** WHAT IS EXPECTED **
Look through the records below for the line holding "by rewrite (perm_big". Write it out exactly, with each following line through the line holding "have [d_eq | d_eq] : d = 1%N \/ d = 2%N.".

::: DATA

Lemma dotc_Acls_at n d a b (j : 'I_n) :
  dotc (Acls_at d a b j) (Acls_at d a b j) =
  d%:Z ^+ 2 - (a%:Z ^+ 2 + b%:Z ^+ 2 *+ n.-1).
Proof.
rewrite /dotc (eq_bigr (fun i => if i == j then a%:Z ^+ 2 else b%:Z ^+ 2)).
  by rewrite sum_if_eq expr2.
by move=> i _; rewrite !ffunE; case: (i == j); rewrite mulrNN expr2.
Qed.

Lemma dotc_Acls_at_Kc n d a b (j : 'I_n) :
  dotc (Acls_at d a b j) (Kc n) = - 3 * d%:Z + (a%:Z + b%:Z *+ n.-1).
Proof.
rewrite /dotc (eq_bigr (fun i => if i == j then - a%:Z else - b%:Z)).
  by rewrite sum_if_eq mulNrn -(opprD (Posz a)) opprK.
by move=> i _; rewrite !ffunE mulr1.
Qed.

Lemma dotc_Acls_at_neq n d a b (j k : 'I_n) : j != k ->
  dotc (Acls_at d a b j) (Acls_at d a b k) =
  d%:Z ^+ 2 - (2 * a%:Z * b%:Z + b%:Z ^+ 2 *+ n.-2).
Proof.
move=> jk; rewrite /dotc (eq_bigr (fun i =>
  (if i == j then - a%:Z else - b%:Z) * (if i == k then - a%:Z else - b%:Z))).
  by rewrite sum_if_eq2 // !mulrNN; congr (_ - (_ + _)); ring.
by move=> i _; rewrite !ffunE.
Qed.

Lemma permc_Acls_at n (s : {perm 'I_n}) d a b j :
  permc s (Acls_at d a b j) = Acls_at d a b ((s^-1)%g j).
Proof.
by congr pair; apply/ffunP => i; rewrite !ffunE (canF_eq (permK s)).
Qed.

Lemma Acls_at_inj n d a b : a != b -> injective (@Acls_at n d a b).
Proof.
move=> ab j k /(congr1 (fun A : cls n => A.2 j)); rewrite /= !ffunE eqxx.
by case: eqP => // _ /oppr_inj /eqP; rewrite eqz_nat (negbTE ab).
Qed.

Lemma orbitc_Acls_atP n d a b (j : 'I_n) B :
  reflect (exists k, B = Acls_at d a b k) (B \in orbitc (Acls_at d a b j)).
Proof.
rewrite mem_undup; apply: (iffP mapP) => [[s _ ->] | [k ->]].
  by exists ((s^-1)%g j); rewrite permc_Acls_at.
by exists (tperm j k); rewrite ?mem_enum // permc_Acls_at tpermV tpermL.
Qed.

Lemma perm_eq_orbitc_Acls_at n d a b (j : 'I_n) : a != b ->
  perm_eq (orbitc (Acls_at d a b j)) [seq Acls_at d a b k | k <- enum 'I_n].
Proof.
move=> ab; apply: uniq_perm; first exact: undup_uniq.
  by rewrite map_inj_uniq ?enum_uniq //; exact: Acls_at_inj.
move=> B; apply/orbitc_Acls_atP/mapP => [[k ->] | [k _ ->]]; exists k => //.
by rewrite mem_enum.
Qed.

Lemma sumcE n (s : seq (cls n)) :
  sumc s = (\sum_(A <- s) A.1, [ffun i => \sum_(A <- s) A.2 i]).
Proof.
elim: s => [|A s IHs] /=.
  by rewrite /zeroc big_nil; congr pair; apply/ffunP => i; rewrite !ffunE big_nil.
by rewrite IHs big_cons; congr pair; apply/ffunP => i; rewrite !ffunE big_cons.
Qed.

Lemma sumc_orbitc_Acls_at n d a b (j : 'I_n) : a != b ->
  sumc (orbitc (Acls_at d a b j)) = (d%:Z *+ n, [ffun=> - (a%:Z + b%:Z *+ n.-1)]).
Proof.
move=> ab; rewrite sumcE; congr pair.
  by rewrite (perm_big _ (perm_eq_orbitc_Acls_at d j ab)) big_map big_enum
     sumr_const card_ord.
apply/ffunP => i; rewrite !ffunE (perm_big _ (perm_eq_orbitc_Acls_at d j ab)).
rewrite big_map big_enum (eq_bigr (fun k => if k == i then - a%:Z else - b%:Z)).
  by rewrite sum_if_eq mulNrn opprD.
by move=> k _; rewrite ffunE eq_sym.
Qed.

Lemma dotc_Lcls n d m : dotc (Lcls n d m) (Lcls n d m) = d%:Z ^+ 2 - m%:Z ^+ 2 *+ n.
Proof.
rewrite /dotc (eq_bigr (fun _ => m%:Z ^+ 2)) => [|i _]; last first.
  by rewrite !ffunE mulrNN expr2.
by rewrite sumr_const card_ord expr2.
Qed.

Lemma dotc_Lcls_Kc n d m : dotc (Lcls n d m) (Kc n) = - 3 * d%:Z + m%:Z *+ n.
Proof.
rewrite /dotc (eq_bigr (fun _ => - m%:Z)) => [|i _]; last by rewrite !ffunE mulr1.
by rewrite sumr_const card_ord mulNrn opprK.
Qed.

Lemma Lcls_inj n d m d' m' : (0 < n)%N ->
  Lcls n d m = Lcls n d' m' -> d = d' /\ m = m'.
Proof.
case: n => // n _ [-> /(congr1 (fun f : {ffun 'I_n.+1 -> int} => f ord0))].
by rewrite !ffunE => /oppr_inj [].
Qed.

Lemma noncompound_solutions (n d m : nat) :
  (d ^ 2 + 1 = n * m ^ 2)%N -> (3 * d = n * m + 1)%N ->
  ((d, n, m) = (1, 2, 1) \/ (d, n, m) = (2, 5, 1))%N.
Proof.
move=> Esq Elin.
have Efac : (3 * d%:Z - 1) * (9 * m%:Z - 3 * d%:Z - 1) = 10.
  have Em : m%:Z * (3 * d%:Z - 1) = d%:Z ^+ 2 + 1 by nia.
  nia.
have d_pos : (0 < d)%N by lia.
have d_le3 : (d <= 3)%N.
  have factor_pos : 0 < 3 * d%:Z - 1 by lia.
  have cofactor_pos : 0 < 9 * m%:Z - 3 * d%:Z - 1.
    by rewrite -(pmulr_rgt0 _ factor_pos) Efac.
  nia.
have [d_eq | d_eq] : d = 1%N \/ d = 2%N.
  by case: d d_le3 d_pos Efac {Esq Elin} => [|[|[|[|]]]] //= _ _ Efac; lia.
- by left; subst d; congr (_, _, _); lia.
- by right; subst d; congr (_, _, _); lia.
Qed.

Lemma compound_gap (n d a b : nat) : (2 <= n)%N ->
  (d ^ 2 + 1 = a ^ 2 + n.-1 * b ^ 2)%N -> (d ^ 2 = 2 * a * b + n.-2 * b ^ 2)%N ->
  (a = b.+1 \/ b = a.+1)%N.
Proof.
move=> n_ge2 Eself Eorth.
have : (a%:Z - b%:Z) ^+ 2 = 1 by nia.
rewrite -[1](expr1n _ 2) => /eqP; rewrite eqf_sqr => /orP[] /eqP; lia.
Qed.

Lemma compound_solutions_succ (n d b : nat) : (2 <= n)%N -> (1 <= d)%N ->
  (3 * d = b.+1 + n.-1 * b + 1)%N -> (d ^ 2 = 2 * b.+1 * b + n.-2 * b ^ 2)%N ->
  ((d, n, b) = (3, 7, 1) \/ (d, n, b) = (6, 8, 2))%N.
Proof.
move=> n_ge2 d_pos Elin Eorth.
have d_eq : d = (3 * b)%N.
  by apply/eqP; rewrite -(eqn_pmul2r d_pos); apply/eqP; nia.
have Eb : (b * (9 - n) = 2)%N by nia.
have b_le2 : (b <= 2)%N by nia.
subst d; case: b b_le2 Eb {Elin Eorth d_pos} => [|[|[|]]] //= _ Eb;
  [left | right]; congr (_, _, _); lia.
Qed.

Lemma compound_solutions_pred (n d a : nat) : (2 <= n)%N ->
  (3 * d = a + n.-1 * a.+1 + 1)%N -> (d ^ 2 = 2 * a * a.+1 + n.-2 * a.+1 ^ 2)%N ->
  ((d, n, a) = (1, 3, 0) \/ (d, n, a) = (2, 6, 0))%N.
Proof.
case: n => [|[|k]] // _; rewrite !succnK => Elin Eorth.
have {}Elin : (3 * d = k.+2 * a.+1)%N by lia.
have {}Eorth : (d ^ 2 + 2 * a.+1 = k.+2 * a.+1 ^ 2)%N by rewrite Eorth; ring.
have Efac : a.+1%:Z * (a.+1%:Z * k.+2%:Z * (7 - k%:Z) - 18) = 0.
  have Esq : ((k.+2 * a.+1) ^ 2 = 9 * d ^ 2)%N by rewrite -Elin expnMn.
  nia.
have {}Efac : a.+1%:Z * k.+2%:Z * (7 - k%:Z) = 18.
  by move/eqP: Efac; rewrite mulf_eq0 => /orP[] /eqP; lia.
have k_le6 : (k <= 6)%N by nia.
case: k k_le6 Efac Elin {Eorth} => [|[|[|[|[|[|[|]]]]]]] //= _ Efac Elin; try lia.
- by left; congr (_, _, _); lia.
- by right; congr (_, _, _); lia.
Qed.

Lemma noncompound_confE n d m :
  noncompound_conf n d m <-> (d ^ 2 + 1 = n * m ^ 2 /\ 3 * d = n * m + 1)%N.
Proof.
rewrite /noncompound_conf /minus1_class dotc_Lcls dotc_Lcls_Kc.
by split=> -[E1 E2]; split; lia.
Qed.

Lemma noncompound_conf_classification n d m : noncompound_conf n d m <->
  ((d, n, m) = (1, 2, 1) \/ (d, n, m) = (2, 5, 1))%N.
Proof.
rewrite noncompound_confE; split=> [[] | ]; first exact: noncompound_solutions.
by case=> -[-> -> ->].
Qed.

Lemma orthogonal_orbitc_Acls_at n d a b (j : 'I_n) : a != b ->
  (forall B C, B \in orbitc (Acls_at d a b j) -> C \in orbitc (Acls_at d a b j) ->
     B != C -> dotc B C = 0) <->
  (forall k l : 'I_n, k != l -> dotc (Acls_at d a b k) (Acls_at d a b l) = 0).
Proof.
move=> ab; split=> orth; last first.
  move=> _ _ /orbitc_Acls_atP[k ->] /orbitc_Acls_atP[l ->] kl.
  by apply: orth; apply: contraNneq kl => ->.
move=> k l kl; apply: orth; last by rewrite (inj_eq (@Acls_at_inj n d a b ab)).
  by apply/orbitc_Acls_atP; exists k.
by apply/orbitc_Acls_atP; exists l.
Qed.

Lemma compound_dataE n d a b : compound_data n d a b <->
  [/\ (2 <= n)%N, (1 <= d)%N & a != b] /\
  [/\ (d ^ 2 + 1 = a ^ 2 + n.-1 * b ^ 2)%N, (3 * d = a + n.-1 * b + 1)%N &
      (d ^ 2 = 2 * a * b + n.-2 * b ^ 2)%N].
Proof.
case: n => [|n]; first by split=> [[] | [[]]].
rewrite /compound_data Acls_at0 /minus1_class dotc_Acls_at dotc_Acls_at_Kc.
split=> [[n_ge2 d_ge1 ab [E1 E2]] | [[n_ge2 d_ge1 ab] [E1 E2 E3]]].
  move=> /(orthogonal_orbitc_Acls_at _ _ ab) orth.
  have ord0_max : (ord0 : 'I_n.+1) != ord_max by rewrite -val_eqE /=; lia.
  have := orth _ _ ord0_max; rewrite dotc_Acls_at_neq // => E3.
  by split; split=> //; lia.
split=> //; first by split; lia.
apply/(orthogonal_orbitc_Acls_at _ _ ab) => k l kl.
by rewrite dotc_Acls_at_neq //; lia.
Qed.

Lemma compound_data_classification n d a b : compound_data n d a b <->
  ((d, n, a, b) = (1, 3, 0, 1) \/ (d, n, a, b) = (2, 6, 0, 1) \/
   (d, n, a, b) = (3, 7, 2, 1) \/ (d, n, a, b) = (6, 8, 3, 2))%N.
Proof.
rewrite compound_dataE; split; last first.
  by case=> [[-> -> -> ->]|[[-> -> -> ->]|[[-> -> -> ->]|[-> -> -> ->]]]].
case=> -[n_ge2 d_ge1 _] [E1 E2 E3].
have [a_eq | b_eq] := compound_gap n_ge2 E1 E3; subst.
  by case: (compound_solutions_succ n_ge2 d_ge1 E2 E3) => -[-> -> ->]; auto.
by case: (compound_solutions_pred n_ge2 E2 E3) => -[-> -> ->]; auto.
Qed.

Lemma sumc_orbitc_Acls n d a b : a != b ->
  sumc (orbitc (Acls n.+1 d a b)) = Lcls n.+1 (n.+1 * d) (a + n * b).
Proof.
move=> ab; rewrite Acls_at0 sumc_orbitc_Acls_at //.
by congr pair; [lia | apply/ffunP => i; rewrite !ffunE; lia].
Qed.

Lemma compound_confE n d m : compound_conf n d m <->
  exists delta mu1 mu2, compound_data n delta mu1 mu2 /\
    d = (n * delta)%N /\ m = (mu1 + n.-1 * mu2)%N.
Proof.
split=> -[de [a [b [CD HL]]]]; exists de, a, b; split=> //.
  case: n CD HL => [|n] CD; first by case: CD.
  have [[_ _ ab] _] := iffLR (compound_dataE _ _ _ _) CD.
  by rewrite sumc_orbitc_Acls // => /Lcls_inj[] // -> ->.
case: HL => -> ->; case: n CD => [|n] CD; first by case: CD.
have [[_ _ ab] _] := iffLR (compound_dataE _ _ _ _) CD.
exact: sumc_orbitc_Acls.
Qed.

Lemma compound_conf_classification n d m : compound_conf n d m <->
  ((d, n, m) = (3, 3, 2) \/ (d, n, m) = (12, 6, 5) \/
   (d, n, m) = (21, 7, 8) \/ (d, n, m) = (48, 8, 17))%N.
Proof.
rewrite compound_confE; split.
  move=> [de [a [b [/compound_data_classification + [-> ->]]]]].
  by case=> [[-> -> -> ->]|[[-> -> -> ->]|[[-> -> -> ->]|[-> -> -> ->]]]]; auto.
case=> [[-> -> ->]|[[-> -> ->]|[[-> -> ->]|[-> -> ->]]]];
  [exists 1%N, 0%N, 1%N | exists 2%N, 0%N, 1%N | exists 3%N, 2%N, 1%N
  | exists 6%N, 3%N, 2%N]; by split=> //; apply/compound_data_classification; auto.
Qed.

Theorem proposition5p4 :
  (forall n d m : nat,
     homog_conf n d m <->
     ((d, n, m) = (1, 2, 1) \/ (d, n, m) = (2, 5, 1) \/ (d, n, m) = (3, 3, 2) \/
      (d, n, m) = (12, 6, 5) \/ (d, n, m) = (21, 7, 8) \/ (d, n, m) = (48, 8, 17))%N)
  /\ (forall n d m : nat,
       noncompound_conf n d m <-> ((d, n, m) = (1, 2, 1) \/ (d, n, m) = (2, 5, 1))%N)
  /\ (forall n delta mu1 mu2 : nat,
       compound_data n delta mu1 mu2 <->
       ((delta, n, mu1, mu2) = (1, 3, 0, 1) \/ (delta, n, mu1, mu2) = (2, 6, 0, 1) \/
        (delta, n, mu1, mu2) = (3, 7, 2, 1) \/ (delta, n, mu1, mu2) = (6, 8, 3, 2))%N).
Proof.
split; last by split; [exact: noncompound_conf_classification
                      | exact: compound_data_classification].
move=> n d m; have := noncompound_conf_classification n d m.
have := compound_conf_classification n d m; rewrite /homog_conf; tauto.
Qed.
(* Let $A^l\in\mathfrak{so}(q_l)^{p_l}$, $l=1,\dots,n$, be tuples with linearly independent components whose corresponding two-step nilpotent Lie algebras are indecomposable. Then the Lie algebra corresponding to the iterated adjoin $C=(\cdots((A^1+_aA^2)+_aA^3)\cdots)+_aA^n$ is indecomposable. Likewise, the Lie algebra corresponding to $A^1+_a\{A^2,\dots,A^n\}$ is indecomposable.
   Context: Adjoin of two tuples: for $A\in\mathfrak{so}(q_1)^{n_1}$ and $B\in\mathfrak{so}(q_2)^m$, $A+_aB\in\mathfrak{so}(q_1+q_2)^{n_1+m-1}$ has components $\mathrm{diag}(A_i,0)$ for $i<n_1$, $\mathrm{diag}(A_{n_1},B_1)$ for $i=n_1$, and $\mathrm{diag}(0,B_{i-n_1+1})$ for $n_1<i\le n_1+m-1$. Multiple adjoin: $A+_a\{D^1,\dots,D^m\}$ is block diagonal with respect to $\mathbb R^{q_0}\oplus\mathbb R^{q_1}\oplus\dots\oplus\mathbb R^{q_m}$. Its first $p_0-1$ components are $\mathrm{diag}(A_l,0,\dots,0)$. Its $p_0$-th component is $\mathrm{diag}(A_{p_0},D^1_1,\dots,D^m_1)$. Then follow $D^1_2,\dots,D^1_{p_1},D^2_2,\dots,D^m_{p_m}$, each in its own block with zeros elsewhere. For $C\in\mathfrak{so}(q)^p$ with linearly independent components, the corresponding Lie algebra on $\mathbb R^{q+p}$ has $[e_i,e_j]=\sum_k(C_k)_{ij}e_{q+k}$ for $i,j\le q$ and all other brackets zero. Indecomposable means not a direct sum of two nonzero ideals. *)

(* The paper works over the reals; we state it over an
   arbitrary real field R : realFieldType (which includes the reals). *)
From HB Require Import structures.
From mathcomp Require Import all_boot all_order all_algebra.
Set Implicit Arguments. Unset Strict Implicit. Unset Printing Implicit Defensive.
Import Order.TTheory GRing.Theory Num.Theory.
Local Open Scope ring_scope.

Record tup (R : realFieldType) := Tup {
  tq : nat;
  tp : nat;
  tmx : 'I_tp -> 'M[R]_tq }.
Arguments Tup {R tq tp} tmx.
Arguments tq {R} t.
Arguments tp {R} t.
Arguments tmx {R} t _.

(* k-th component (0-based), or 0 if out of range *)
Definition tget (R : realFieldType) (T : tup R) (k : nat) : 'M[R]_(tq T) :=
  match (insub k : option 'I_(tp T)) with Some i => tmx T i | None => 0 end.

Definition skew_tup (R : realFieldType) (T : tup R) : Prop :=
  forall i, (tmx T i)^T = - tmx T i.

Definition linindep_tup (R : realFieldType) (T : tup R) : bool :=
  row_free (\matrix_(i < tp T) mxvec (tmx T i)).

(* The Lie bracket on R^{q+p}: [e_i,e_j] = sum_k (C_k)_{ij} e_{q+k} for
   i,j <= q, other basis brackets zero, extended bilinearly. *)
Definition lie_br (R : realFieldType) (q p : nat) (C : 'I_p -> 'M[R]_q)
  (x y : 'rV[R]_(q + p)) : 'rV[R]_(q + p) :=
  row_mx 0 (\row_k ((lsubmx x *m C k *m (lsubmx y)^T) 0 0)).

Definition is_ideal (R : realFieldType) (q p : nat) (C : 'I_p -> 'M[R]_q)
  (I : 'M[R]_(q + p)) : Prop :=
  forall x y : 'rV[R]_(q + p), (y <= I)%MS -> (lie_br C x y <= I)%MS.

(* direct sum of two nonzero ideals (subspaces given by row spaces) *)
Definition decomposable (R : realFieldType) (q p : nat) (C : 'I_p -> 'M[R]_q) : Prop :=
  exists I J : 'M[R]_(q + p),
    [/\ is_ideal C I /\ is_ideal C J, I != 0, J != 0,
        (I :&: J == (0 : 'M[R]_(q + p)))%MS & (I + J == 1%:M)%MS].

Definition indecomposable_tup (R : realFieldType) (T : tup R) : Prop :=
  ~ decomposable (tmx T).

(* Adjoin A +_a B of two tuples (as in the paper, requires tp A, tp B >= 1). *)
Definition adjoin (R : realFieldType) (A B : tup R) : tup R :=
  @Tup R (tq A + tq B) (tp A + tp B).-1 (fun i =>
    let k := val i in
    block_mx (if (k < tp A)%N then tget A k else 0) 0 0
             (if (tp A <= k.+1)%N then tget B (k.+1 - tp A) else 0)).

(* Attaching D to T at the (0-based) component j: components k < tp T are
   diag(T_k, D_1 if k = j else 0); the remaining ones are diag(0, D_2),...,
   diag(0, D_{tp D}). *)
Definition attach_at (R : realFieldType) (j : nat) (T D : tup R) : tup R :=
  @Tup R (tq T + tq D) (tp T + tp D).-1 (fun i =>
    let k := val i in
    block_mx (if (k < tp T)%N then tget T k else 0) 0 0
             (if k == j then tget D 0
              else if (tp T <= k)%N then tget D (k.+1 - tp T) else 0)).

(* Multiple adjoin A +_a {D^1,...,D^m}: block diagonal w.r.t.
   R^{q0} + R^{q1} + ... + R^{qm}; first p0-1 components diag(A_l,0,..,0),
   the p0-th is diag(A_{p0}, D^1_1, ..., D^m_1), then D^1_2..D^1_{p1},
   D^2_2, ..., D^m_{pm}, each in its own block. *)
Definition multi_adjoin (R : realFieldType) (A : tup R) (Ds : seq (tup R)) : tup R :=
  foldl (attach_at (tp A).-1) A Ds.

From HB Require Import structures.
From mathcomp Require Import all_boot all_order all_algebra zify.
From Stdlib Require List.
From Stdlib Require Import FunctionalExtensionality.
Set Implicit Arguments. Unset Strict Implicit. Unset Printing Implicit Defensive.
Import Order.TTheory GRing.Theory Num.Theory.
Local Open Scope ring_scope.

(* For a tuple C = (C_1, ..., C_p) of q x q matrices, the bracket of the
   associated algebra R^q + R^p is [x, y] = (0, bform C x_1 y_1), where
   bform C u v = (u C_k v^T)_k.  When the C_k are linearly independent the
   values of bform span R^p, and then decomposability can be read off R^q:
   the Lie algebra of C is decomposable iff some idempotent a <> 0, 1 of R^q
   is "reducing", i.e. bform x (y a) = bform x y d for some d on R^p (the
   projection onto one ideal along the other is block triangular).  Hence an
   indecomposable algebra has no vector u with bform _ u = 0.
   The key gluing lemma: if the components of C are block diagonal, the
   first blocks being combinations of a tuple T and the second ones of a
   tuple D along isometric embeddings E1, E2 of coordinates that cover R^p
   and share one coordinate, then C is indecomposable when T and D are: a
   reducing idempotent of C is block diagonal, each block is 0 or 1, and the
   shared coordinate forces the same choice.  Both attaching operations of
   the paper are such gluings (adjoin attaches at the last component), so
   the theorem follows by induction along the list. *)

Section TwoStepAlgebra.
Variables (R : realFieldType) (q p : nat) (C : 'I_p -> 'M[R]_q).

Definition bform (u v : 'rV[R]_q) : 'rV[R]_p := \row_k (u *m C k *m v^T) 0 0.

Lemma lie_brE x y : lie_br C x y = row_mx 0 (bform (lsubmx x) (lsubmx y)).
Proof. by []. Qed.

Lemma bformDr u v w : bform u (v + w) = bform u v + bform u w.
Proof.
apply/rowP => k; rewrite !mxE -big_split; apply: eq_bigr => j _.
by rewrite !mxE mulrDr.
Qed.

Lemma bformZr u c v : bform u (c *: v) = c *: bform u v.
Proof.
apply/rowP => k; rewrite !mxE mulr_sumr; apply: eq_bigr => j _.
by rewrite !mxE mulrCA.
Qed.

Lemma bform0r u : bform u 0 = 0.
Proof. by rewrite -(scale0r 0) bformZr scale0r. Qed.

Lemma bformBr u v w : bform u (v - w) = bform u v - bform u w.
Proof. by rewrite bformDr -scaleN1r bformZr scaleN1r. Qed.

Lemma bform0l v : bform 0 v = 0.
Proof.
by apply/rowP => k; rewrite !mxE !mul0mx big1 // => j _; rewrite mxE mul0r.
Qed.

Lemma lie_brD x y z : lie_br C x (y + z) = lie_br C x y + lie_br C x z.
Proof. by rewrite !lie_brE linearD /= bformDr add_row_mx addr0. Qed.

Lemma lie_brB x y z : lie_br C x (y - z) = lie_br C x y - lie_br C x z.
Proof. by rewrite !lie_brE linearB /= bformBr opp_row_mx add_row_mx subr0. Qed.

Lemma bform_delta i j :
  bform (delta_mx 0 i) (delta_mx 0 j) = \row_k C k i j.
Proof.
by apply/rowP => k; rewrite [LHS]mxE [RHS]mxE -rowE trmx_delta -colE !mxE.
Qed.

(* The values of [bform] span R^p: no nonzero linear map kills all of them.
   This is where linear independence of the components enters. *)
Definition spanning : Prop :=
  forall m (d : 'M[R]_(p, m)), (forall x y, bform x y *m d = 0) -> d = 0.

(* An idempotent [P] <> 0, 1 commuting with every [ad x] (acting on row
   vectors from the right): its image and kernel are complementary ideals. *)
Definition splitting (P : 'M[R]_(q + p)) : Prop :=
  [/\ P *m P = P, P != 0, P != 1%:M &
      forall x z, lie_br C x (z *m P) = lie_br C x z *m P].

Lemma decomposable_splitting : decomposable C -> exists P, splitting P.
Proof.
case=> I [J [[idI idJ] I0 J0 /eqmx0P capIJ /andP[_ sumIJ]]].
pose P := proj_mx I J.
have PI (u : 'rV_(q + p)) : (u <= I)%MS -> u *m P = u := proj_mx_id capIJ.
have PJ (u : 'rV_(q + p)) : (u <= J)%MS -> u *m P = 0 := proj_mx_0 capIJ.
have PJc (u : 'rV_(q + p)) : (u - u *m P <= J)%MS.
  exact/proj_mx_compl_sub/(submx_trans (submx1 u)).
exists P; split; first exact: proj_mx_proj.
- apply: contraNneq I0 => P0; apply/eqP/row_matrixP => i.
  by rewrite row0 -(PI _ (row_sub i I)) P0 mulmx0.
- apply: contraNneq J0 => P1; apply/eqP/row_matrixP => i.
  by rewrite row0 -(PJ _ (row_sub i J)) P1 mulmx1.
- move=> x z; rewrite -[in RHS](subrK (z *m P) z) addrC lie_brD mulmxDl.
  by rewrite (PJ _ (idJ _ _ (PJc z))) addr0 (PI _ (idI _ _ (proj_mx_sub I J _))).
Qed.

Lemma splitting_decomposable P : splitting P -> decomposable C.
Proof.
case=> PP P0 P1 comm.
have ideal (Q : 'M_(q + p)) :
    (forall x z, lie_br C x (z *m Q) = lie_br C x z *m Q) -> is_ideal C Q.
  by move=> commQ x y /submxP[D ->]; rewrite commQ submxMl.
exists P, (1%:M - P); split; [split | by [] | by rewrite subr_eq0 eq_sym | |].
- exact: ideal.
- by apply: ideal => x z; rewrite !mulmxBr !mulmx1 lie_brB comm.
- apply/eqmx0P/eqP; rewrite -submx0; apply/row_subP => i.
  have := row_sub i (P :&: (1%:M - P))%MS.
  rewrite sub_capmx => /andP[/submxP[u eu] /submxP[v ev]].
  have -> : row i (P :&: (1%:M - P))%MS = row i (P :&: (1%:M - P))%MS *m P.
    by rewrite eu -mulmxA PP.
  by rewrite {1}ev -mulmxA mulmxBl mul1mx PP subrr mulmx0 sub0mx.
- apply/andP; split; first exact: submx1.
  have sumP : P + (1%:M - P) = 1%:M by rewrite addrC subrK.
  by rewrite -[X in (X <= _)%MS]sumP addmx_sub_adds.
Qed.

::::::

** RESULT BELOW **
  by rewrite (perm_big _ (perm_eq_orbitc_Acls_at d j ab)) big_map big_enum
     sumr_const card_ord.
apply/ffunP => i; rewrite !ffunE (perm_big _ (perm_eq_orbitc_Acls_at d j ab)).
rewrite big_map big_enum (eq_bigr (fun k => if k == i then - a%:Z else - b%:Z)).
  by rewrite sum_if_eq mulNrn opprD.
by move=> k _; rewrite ffunE eq_sym.
Qed.

Lemma dotc_Lcls n d m : dotc (Lcls n d m) (Lcls n d m) = d%:Z ^+ 2 - m%:Z ^+ 2 *+ n.
Proof.
rewrite /dotc (eq_bigr (fun _ => m%:Z ^+ 2)) => [|i _]; last first.
  by rewrite !ffunE mulrNN expr2.
by rewrite sumr_const card_ord expr2.
Qed.

Lemma dotc_Lcls_Kc n d m : dotc (Lcls n d m) (Kc n) = - 3 * d%:Z + m%:Z *+ n.
Proof.
rewrite /dotc (eq_bigr (fun _ => - m%:Z)) => [|i _]; last by rewrite !ffunE mulr1.
by rewrite sumr_const card_ord mulNrn opprK.
Qed.

Lemma Lcls_inj n d m d' m' : (0 < n)%N ->
  Lcls n d m = Lcls n d' m' -> d = d' /\ m = m'.
Proof.
case: n => // n _ [-> /(congr1 (fun f : {ffun 'I_n.+1 -> int} => f ord0))].
by rewrite !ffunE => /oppr_inj [].
Qed.

Lemma noncompound_solutions (n d m : nat) :
  (d ^ 2 + 1 = n * m ^ 2)%N -> (3 * d = n * m + 1)%N ->
  ((d, n, m) = (1, 2, 1) \/ (d, n, m) = (2, 5, 1))%N.
Proof.
move=> Esq Elin.
have Efac : (3 * d%:Z - 1) * (9 * m%:Z - 3 * d%:Z - 1) = 10.
  have Em : m%:Z * (3 * d%:Z - 1) = d%:Z ^+ 2 + 1 by nia.
  nia.
have d_pos : (0 < d)%N by lia.
have d_le3 : (d <= 3)%N.
  have factor_pos : 0 < 3 * d%:Z - 1 by lia.
  have cofactor_pos : 0 < 9 * m%:Z - 3 * d%:Z - 1.
    by rewrite -(pmulr_rgt0 _ factor_pos) Efac.
  nia.
have [d_eq | d_eq] : d = 1%N \/ d = 2%N.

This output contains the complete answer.